A common practice of designing and building VUIs is using the functionality of the major voice assistants, such as Alexa, Google Assistant, or Siri. All these voice assistants can be embedded in other devices or work as standalone components.
In order to enable the integration of their platforms into third-party apps, the major providers released their development kits allowing programming of custom voice-operated functions. Siri Kit, Google Assistant SDK, and Alexa Skills Kit are examples. By using the kits, you can make voice assistants perform commands related to your application.
However, before starting your voice user interface design, we recommend that you carry out user research to find out how the VUI will be used in your app.

User research

The user research is intended to show what users expect to achieve by operating their application via the VUI. The research usually consists of several steps:

Designing the customer journey map

Whether you are building a new voice-enabled app or integrating a VUI in an existing application, you will need a customer journey map showing the path that the user moves along to achieve the goal of your app. 
While mapping the customer journey, the VUI designer plans the points where voice interaction can be implemented. For example, in a weather forecast app it would be natural to enable the voice command “Show me the weather forecast for tonight”.

Analyzing user requirements

Before planning the VUI design, you should identify the requirements that users might have for your voice interface. A good method is to conduct user interviews, and to record your findings in the form of user stories. For example, if you are building a smart home app, you may have the following user story: “As a user, I want to give a voice command so that the kitchen lights are turned on”.
By the way, the same users you asked to participate in the interviews may also help you later at the user testing stage, when you ask them to evaluate whether your design corresponds to their requirements and expectations.

Monitoring the competitors

See how your competitors use voice interfaces.
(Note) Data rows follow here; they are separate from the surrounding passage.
Lemma measure_shift_by (m : int) (A : set T) :
  measurable A -> nu (shift_by m @^-1` A) = nu A.
Proof.
have shift_by0 (z : T) : shift_by 0 z = z by apply: funext => i; rewrite /shift_by addr0.
have shift_byS (n : nat) (z : T) : shift_by n.+1%:Z z = shift_by n%:Z (left_shift z).
  by apply: funext => i; rewrite /shift_by /left_shift; congr z; lia.
have shift_by_nat (n : nat) B : measurable B -> nu (shift_by n%:Z @^-1` B) = nu B.
  move=> mB; elim: n => [|n IH].
    by apply: (congr1 nu); apply/seteqP; split => z /=; rewrite shift_by0.
  rewrite -IH -[in RHS]nu_inv; last exact: measurable_preimage_shift_by.
  by apply: (congr1 nu); apply/seteqP; split => z /=; rewrite shift_byS.
move=> mA; case: (lerP 0 m) => m0; first by rewrite -(gez0_abs m0) shift_by_nat.
have shiftK (z : T) : shift_by m (shift_by (absz m)%:Z z) = z.
  by apply: funext => i; rewrite /shift_by; congr z; lia.
have eA : A = shift_by (absz m)%:Z @^-1` (shift_by m @^-1` A).
  by apply/seteqP; split => z /=; rewrite shiftK.
by rewrite [in RHS]eA shift_by_nat //; exact: measurable_preimage_shift_by.
Qed.

Hypothesis nu_erg : ergodic nu.
Hypothesis beta_lt_half : (nu beta0 < ((2 : R)^-1)%:E)%E.

(* If alphas were almost surely matched, the matching would send alpha-positions
   injectively to beta-positions, so the alphas could not outweigh the betas. *)
Lemma free_alpha0_neq0 : nu (free_alpha 0) != 0%E.
Proof.
pose matched_at d := shift_by d%:Z @^-1` @beta0_matched_at M d.
have mB d : measurable (@beta0_matched_at M d) by exact: measurable_beta0_matched_at.
have mA d : measurable (matched_at d) by exact: measurable_preimage_shift_by.
have mbeta : measurable beta0 by exact: measurable_cylinder.
have mUA : measurable (\bigcup_d matched_at d) by exact: bigcupT_measurable.
have mUB : measurable (\bigcup_d @beta0_matched_at M d) by exact: bigcupT_measurable.
have alpha_le : (nu (~` beta0) <=
                 nu (free_alpha 0) + nu (\bigcup_d matched_at d))%E.
  apply: le_trans (measureU2 nu (measurable_free_alpha 0) mUA).
  apply: le_measure_nu; first exact: measurableC.
    exact: measurableU _ _ (measurable_free_alpha 0) mUA.
  by move=> z /= /alpha0_free_or_matched [|[d hd]]; [left | right; exists d].
have matched_le : (nu (\bigcup_d matched_at d) <= nu beta0)%E.
  apply: le_trans (measure_sigma_subadditive nu mA mUA (@subset_refl _ _)) _.
  rewrite (eq_eseriesr (fun d _ => measure_shift_by _ (mB d))).
  rewrite -measure_semi_bigcup //; last first.
    apply/trivIsetP => i j _ _ ij; case: (ltngtP i j) => [h|h|h].
    - exact: beta0_matched_at_disjoint.
    - by rewrite setIC; exact: beta0_matched_at_disjoint.
    - by rewrite h eqxx in ij.
  by apply: le_measure_nu => // z [d _ []].
apply/eqP => free0; move: alpha_le; rewrite free0 add0e probability_setC // => h.
have := le_trans h matched_le; move: beta_lt_half.
rewrite -(fineK (fin_num_measure nu _ mbeta)) lte_fin -EFinB lee_fin.
by move: (fine _) => x; lra.
Qed.

Definition some_free_alpha : set T := [set z | exists k, free_alpha k z].
Definition free_alpha_before0 : set T := [set z | exists2 k : int, k < 0 & free_alpha k z].

Lemma measurable_some_free_alpha : measurable some_free_alpha.
Proof.
rewrite (_ : some_free_alpha = \bigcup_n (free_alpha (Posz n) `|` free_alpha (Negz n))).
  by apply: bigcupT_measurable => n; apply: measurableU; exact: measurable_free_alpha.
apply/seteqP; split => z /=; first by case=> -[n|n] h; exists n => //; [left|right].
by case=> n _ [h|h]; eexists; exact: h.
Qed.

Lemma measurable_free_alpha_before0 : measurable free_alpha_before0.
Proof.
rewrite (_ : free_alpha_before0 = \bigcup_n free_alpha (Negz n)).
  by apply: bigcupT_measurable => n; exact: measurable_free_alpha.
apply/seteqP; split => z /=; first by case=> -[n|n] //; exists n.
by case=> n _ h; exists (Negz n).
Qed.

Lemma free_alpha_shift_by (k m : int) (z : T) :
  free_alpha k (shift_by m z) <-> free_alpha (k + m) z.
Proof. by rewrite -free_alpha_shift. Qed.

Lemma some_free_alpha_full : nu some_free_alpha = 1%E.
Proof.
have invariant : @left_shift M @^-1` some_free_alpha = some_free_alpha.
  apply/seteqP; split => z /= [k h].
    by exists (k + 1); apply/free_alpha_shift_by.
  by exists (k - 1); apply/free_alpha_shift_by; rewrite subrK.
case: (nu_erg measurable_some_free_alpha invariant) => // null.
have : (nu (free_alpha 0) <= nu some_free_alpha)%E.
  apply: le_measure_nu; [exact: measurable_free_alpha | exact: measurable_some_free_alpha |].
  by move=> z h; exists 0.
by rewrite null => le0; case/negP: free_alpha0_neq0; rewrite eq_le le0 measure_ge0.
Qed.

(* A free alpha at k is seen before 0 by every shift by more than k; by shift
   invariance these shifted events all have the measure of free_alpha_before0,
   and they increase to some_free_alpha. *)
Lemma free_alpha_before0_full : nu (~` free_alpha_before0) = 0%E.
Proof.
pose W n := shift_by n%:Z @^-1` free_alpha_before0.
have mW0 := measurable_free_alpha_before0.
have mW n : measurable (W n) by exact: measurable_preimage_shift_by.
have subW n : free_alpha_before0 `<=` W n.
  move=> z [k k0 h]; exists (k - n%:Z); first lia.
  by apply/free_alpha_shift_by; rewrite subrK.
have mD n : measurable (W n `\` free_alpha_before0) by exact: measurableD.
have D0 n : nu (W n `\` free_alpha_before0) = 0%E.
  have finW : (nu (W n) < +oo)%E := le_lt_trans (probability_le1 nu (mW n)) (ltey _).
  rewrite (measureD (mW n) mW0 finW) setIidr // /W /= measure_shift_by // subee //.
  exact: fin_num_measure.
have mU : measurable (\bigcup_n (W n `\` free_alpha_before0)) by exact: bigcupT_measurable.
have mCF : measurable (~` some_free_alpha).
  by apply: measurableC; exact: measurable_some_free_alpha.
have cover : ~` free_alpha_before0 `<=`
    ~` some_free_alpha `|` \bigcup_n (W n `\` free_alpha_before0).
  move=> z nW; have [[k h]|] := pselect (some_free_alpha z); last by left.
  right; case: (ltP k 0) => k0; first by case: nW; exists k.
  exists (absz k).+1 => //; split => //; exists (-1) => //.
  by apply/free_alpha_shift_by; rewrite (_ : -1 + _ = k) //; lia.
have not_some0 : nu (~` some_free_alpha) = 0%E.
  rewrite probability_setC ?some_free_alpha_full ?subee //.
  exact: measurable_some_free_alpha.
have le_U : (nu (~` free_alpha_before0) <=
    nu (~` some_free_alpha) + nu (\bigcup_n (W n `\` free_alpha_before0)))%E.
  apply: le_trans (measureU2 nu mCF mU).
  exact: le_measure_nu (measurableC mW0) (measurableU _ _ mCF mU) cover.
rewrite not_some0 add0e in le_U; apply/eqP; rewrite eq_le measure_ge0 andbT.
apply: le_trans le_U (le_trans (measure_sigma_subadditive nu mD mU (@subset_refl _ _)) _).
by rewrite eseries0 // => n _ _; exact: D0.
Qed.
By analyzing the applications of your competitors, and user reviews especially, you can see how they built their VUI, how the users rate their voice search UX, and whether their approach was successful or not. 
This knowledge may help you design your voice interface better and avoid the mistakes that the competitors made.

Voice command creation

After you have gathered the user stories, it is time to turn them into actual voice commands. Each voice command has three main components:

  • Intent – the goal that should be achieved with the command. For example, when the user says “Set the alarm for 6 am”, the intent is to have the alarm sound at 6 in the morning.
  • Utterance – the way the command is phrased. Different users may express the same intent with different phrases, and it is the job of the VUI designer to anticipate as many different utterances as possible. Such phrases as “Find flight tickets to Venice for Monday”, “Check if there are seats available to Venice for Monday”, and “I would like to book tickets to Venice for Monday” express the same intent but are different utterances. 

If you include multiple utterance options for the same intent, the chances that your voice assistant performs the task correctly will be much higher.
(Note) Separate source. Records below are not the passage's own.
(* Placing the 2-cycle (0 t) with [t] among the last [k] positions creates no
   new occurrence of a pattern starting with its minimum: such an occurrence
   cannot use position 0 or t, as it would need [k] larger values (resp.
   positions) beyond [t]. *)
Lemma containsb_add_cycle0_inFk m k (t : 'I_m.+2) (s : 'S_m)
    (sigma : 'S_k.+1) : t != ord0 -> (m.+2 - k <= t)%N -> inFk sigma ->
  containsb (add_cycle0 t s) sigma -> containsb s sigma.
Proof.
set H := add_cycle0 t s => t_neq0 t_ge sigma_in /containsbP[f f_incr f_pat].
have no_k_above (g : 'I_k -> 'I_m.+2) : injective g -> ~ (forall b, t < g b)%N.
  by move=> g_inj /(card_ord_above g_inj); have := ltn_ord t; lia.
have f0_lt b : (f ord0 < f (lift ord0 b))%N by apply: f_incr.
have Hf0_lt b : (H (f ord0) < H (f (lift ord0 b)))%N by rewrite f_pat inFk_lift0.
have fS_inj : injective (fun b => f (lift ord0 b)).
  by move=> a b /(incr_ord_inj f_incr) /lift_inj.
have f_neq a : f a != ord0 /\ f a != t.
  case: (unliftP ord0 a) => [b -> | ->]; split; apply/eqP => f0.
  - by have := f0_lt b; rewrite f0.
  - by have := Hf0_lt b; rewrite f0 add_cycle0_t.
  - apply: (no_k_above (fun b => H (f (lift ord0 b)))).
      by move=> b1 b2 /perm_inj /fS_inj.
    by move=> b; have := Hf0_lt b; rewrite f0 add_cycle0_0.
  - by apply: (no_k_above _ fS_inj) => b; rewrite -f0.
have /fin_all_exists[g f_lift] a : exists j, f a = lift0t t j.
  have [f_neq0 f_neqt] := f_neq a.
  by case: (lift0tP t_neq0 (f a)) => // fa; rewrite fa eqxx in f_neq0 f_neqt.
apply/containsbP; exists g => [a b ab | a b].
  by rewrite -(ltn_lift0t t) -!f_lift f_incr.
by rewrite -f_pat !f_lift !add_cycle0_lift0t (ltn_lift0t t).
Qed.

Lemma avoidsFk_add_cycle0 m k (t : 'I_m.+2) (s : 'S_m) :
  t != ord0 -> (m.+2 - k <= t)%N ->
  avoidsFk k.+1 (add_cycle0 t s) = avoidsFk k.+1 s.
Proof.
move=> t_neq0 t_ge; apply/forallP/forallP => avoid sigma;
  apply/implyP => sigma_in; apply: contra (implyP (avoid sigma) sigma_in).
  exact: containsb_add_cycle0.
exact: containsb_add_cycle0_inFk.
Qed.

(* If [pi 0 = t] came earlier, the [k + 1] consecutive positions from [t] would
   carry a pattern starting with its minimum [pi t = 0]. *)
Lemma avoidsFk_involution_ge m k (pi : 'S_m.+2) : (k <= m.+1)%N ->
  involutionb pi -> avoidsFk k.+1 pi -> (m.+2 - k <= pi ord0)%N.
Proof.
move=> k_le /forallP pi_inv /forallP avoid; set t := pi ord0.
have pi_t : pi t = ord0 by apply/eqP; apply: pi_inv.
rewrite leqNgt; apply/negP => t_lt.
have f_lt (a : 'I_k.+1) : (t + a < m.+2)%N by have := ltn_ord a; lia.
pose f a := Ordinal (f_lt a).
have f_incr : {homo f : a b / (a < b)%N} by move=> a b ab; rewrite /= ltn_add2l.
have f0 : f ord0 = t by apply: val_inj; rewrite /= addn0.
have [sigma sigma_iso] : exists sigma : 'S_k.+1,
    forall a b, (pi (f a) < pi (f b))%N = (sigma a < sigma b)%N.
  apply: exists_perm_ltn_iso => a b /ord_inj /perm_inj.
  exact: (@incr_ord_inj _ _ f f_incr a b).
have sigma0 : sigma ord0 = ord0.
  have := sigma_iso (sigma^-1 ord0)%g ord0; rewrite f0 pi_t ltn0 permKV.
  by move/esym/negbT; rewrite lt0n negbK => /eqP sigma0; apply: ord_inj.
have sigma_in : inFk sigma.
  apply/forallP => i; apply/implyP => /eqP i0.
  have -> : i = ord0 by apply: val_inj.
  by rewrite sigma0.
have /negP[] := implyP (avoid sigma) sigma_in.
by apply/containsbP; exists f.
Qed.

Lemma involution_add_cycle0 m (pi : 'S_m.+2) : pi ord0 != ord0 ->
  involutionb pi -> exists s, pi = add_cycle0 (pi ord0) s.
Proof.
set t := pi ord0 => t_neq0 /forallP pi_inv.
have pi_t : pi t = ord0 by apply/eqP; apply: pi_inv.
have /fin_all_exists[g pi_lift] j : exists i, pi (lift0t t j) = lift0t t i.
  case: (lift0tP t_neq0 (pi (lift0t t j))) => [pi_j | pi_j | //].
    by have := lift0t_neqt t j; rewrite -(inj_eq (@perm_inj _ pi)) pi_t pi_j eqxx.
  by have := lift0t_neq0 t j; rewrite -(inj_eq (@perm_inj _ pi)) pi_j eqxx.
have g_inj : injective g.
  by move=> a b gab; apply/(@lift0t_inj _ t)/(@perm_inj _ pi); rewrite !pi_lift gab.
exists (perm g_inj); apply/permP => x; case: (lift0tP t_neq0 x) => [-> | -> | [j ->]].
- by rewrite add_cycle0_0.
- by rewrite add_cycle0_t.
- by rewrite add_cycle0_lift0t // permE pi_lift.
Qed.

Definition avoiding_involution k n (pi : 'S_n) := involutionb pi && avoidsFk k pi.

Section Recurrence.
Variables (k m : nat).
Hypothesis k_le : (k <= m.+1)%N.

Definition cycle_end (c : 'I_k) : 'I_m.+2 := inord (m.+2 - k + c).

Lemma cycle_end_val c : cycle_end c = (m.+2 - k + c)%N :> nat.
Proof. by rewrite inordK //; have := ltn_ord c; lia. Qed.

Lemma cycle_end_neq0 c : cycle_end c != ord0.
Proof. by rewrite -val_eqE /= cycle_end_val; apply/eqP; lia. Qed.

Definition insert_cycle (x : 'I_k * 'S_m) : 'S_m.+2 :=
  add_cycle0 (cycle_end x.1) x.2.

Lemma avoiding_involution_insert_cycle x :
  avoiding_involution k.+1 (insert_cycle x) = avoiding_involution k.+1 x.2.
Proof.
rewrite /avoiding_involution involutionb_add_cycle0 ?cycle_end_neq0 //.
by rewrite avoidsFk_add_cycle0 ?cycle_end_neq0 // cycle_end_val leq_addr.
Qed.

Lemma insert_cycle_inj : injective insert_cycle.
Proof.
move=> [c1 s1] [c2 s2] /= eq12.
have c12 : c1 = c2.
  have := congr1 (fun pi : 'S_m.+2 => val (pi ord0)) eq12.
  rewrite /= !add_cycle0_0 ?cycle_end_neq0 // !cycle_end_val.
  by move=> /= /eqP; rewrite eqn_add2l => /eqP /ord_inj.
subst c2; congr pair; apply/permP => j; apply: (@lift0t_inj _ (cycle_end c1)).
have := congr1 (fun pi : 'S_m.+2 => pi (lift0t (cycle_end c1) j)) eq12.
by rewrite /= !add_cycle0_lift0t.
Qed.

Lemma avoiding_involutions_image :
  [set pi : 'S_m.+2 | avoiding_involution k.+1 pi] =
  insert_cycle @: [set x | avoiding_involution k.+1 x.2].
Proof.
apply/setP => pi; rewrite inE; apply/idP/imsetP => [pi_av | [x]]; last first.
  by rewrite inE => x_av ->; rewrite avoiding_involution_insert_cycle.
have /andP[pi_inv pi_avoid] := pi_av.
have t_ge := avoidsFk_involution_ge k_le pi_inv pi_avoid.
have c_lt : (pi ord0 - (m.+2 - k) < k)%N by have := ltn_ord (pi ord0); lia.
have t_neq0 : pi ord0 != ord0 by rewrite -val_eqE /=; apply/eqP; lia.
have [s pi_def] := involution_add_cycle0 t_neq0 pi_inv.
have t_end : pi ord0 = cycle_end (Ordinal c_lt).
  by apply: ord_inj; rewrite cycle_end_val /=; lia.
have pi_ins : pi = insert_cycle (Ordinal c_lt, s) by rewrite /insert_cycle -t_end.
exists (Ordinal c_lt, s) => //.
by rewrite inE -avoiding_involution_insert_cycle -pi_ins.
Qed.

Lemma sum_avoiding_involutions_rec (R : nmodType) (F : nat -> R) :
  (\sum_(pi : 'S_m.+2 | avoiding_involution k.+1 pi) F (fixn pi) =
   (\sum_(s : 'S_m | avoiding_involution k.+1 s) F (fixn s)) *+ k)%R.
Proof.
rewrite (eq_bigl [in [set pi : 'S_m.+2 | avoiding_involution k.+1 pi]]); last first.
  by move=> pi; rewrite inE.
rewrite avoiding_involutions_image big_imset /=; last by move=> ? ? _ _ /insert_cycle_inj.
under eq_bigr => x _ do rewrite fixn_add_cycle0 ?cycle_end_neq0 //.
rewrite (eq_bigl (fun x : 'I_k * 'S_m => true && avoiding_involution k.+1 x.2)).
  rewrite -(pair_big_dep xpredT (fun _ s => avoiding_involution k.+1 s) (fun _ s => F (fixn s))).
  by rewrite sumr_const card_ord.
by move=> x; rewrite inE.
Qed.

End Recurrence.

Lemma Fcoef_small k n : (n < k)%N -> Fcoef k n = J n.
Proof. by move=> n_lt; apply: eq_bigl => pi; rewrite avoidsFk_small // andbT. Qed.

Lemma numAvoid_small k n : (n < k)%N -> numAvoid k n = Inv n.
Proof. by move=> n_lt; apply: eq_card => pi; rewrite !inE avoidsFk_small // andbT. Qed.

Lemma Fcoef_rec k m : (k <= m.+1)%N -> Fcoef k.+1 m.+2 = (Fcoef k.+1 m *+ k)%R.
Proof. move=> k_le; exact: (sum_avoiding_involutions_rec k_le (fun i => 'X^i)%R). Qed.

Lemma numAvoid_rec k m : (k <= m.+1)%N -> numAvoid k.+1 m.+2 = (k * numAvoid k.+1 m)%N.
Proof.
move=> k_le; rewrite /numAvoid -!sum1_card.
under eq_bigl => pi do rewrite inE.
under [in RHS]eq_bigl => pi do rewrite inE.
by rewrite (sum_avoiding_involutions_rec k_le (fun=> 1%N)) -mulr_natl !natrE.
Qed.

Lemma numAvoid_add2n k m n :
  (k <= m.+1)%N -> numAvoid k.+1 (m + 2 * n) = (k ^ n * numAvoid k.+1 m)%N.
Proof.
move=> k_le; elim: n => [|n IHn]; first by rewrite muln0 addn0 mul1n.
rewrite mulnS addnCA add2n numAvoid_rec; last by lia.
by rewrite IHn expnS mulnA.
Qed.

Local Open Scope ring_scope.

Lemma sum_ord_mul_delta (R : pzSemiRingType) (G : nat -> R) n j :
  \sum_(i < n.+1) G i * ((n - i)%N == j)%:R = if (j <= n)%N then G (n - j)%N else 0.
Proof.
case: leqP => j_n; last first.
  rewrite big1 // => i _; rewrite (_ : (n - i == j)%N = false) ?mulr0 //.
  by have := ltn_ord i; lia.
rewrite (bigD1 (inord (n - j))) //= inordK; last lia.
rewrite subKn // eqxx mulr1 big1 ?addr0 // => i i_neq.
rewrite (_ : (n - i == j)%N = false) ?mulr0 //; apply: contraNF i_neq => /eqP ij.
by apply/eqP/ord_inj; rewrite inordK; have := ltn_ord i; lia.
Qed.

Lemma fps_mul_denom (a : fps) k n : fps_mul a (fps_of (denom k)) n =
  a n - (if (1 < n)%N then a (n - 2)%N *+ k.-1 else 0).
Proof.
have coef_denom j : (denom k)`_j = (j == 0)%N%:R - (j == 2)%N%:R *+ k.-1.
  by rewrite coefB coef1 mulr_natl coefMn coefXn.
rewrite /fps_mul /fps_of.
under eq_bigr => i _ do rewrite coef_denom mulrBr (mulrnAr _ _ k.-1).
rewrite sumrB sumrMnl !sum_ord_mul_delta leq0n subn0.
by case: ifP => _; rewrite ?mul0rn.
Qed.

(* [Jtrunc k] agrees with [F_(k+1)] in degrees at most [k]. *)
Definition Jtrunc k : {poly {poly int}} := \sum_(j < k.+1) (J j)%:P * 'X^j.

Lemma coef_Jtrunc k i : (Jtrunc k)`_i = if (i <= k)%N then J i else 0.
Proof.
rewrite /Jtrunc (eq_bigr (fun j : 'I_k.+1 => J j *: 'X^j)) => [|j _]; last first.
  by rewrite mul_polyC.
by rewrite -poly_def coef_poly ltnS.
Qed.

Lemma numerE k : numer k.+1 =
  Jtrunc k * denom k.+1 + k%:R * (((J k.-1)%:P + (J k)%:P * 'X) * 'X^(k.+1)).
Proof. by rewrite /numer /Jtrunc /denom big_ord_recr /= (exprS _ k); ring. Qed.

Lemma coef_numer k n : (numer k.+1)`_n =
  fps_mul (fps_of (Jtrunc k)) (fps_of (denom k.+1)) n +
  (if (n < k.+1)%N then 0 else ((J k.-1)%:P + (J k)%:P * 'X)`_(n - k.+1)) *+ k.
Proof. by rewrite numerE [in LHS]coefD mulr_natl coefMn coefMXn coefM. Qed.

Lemma coef_Jtrunc_tail k n : (0 < k)%N -> (k < n)%N ->
  (Jtrunc k)`_(n - 2) = ((J k.-1)%:P + (J k)%:P * 'X)`_(n - k.+1).
Proof.
move=> k_gt0 k_lt; rewrite coef_Jtrunc coefD coefMX !coefC.
have [d ->] : exists d, n = (k.+1 + d)%N by exists (n - k.+1)%N; lia.
rewrite addKn; case: d => [|[|d]] /=.
- by rewrite addr0 (_ : (k.+1 + 0 - 2 = k.-1)%N) ?leq_pred //; lia.
- by rewrite add0r (_ : (k.+1 + 1 - 2 = k)%N) ?leqnn //; lia.
- by rewrite addr0 (_ : (k.+1 + d.+2 - 2 <= k)%N = false) //; lia.
Qed.

Lemma Fcoef_rec_sub2 k n : (0 < k)%N -> (k < n)%N ->
  Fcoef k.+1 n = Fcoef k.+1 (n - 2) *+ k.
Proof.
case: n => [|[|m]] k_gt0 k_lt; try lia.
by rewrite !subSS subn0 Fcoef_rec.
Qed.

Lemma fps_mul_Fcoef_denom k : (0 < k)%N ->
  fps_mul (Fcoef k.+1) (fps_of (denom k.+1)) = fps_of (numer k.+1).
Proof.
move=> k_gt0; apply: functional_extensionality => n.
rewrite {2}/fps_of coef_numer !fps_mul_denom /= /fps_of.
case: (leqP n k) => [n_le | k_lt].
  have n2_le : (n - 2 <= k)%N by lia.
  by rewrite ltnS n_le mul0rn addr0 !coef_Jtrunc n_le n2_le !Fcoef_small ?ltnS.
rewrite (_ : (n < k.+1)%N = false); last by lia.
rewrite Fcoef_rec_sub2 // (_ : (1 < n)%N); last by lia.
by rewrite -coef_Jtrunc_tail // coef_Jtrunc leqNgt k_lt subrr sub0r addNr.
Qed.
  • Mandatory or optional variables – additional information that is included in the utterance. If your command sounds like “Play me a movie”, it contains no variables but can still be executed; the application will offer any random movie. If, however, you say “Play me a sci-fi movie”, you are including an optional variable describing what kind of movie you prefer.

If you phrase a command like “Book me a hotel room”, it cannot be performed right away, because it is missing the mandatory variable – the place. 
Based on your user stories, create as many utterances as you can think of, so that the AI behind your app understands the user and performs correctly.

Dialog prototyping

Having taken into account all the above, it must be said that designing the commands is not enough to create a fully-functioning VUI. You need to prepare dialog prototypes creating the “scripts” by which the app is going to communicate with the user. 
The dialog prototypes should include all possible clarifications and alternative scenarios, allowing you to satisfy the user’s intent. In our example above, when the user says, “Book me a hotel room”, the app should answer “Where would you like to go?” to find out the destination. 
To make dialog prototyping easier, you can use special VUI prototyping tools, such as Sayspring or Botsociety. Using such tools, you can build effective voice conversations creating great user experiences and allowing you to reach the goal expressed in the intent.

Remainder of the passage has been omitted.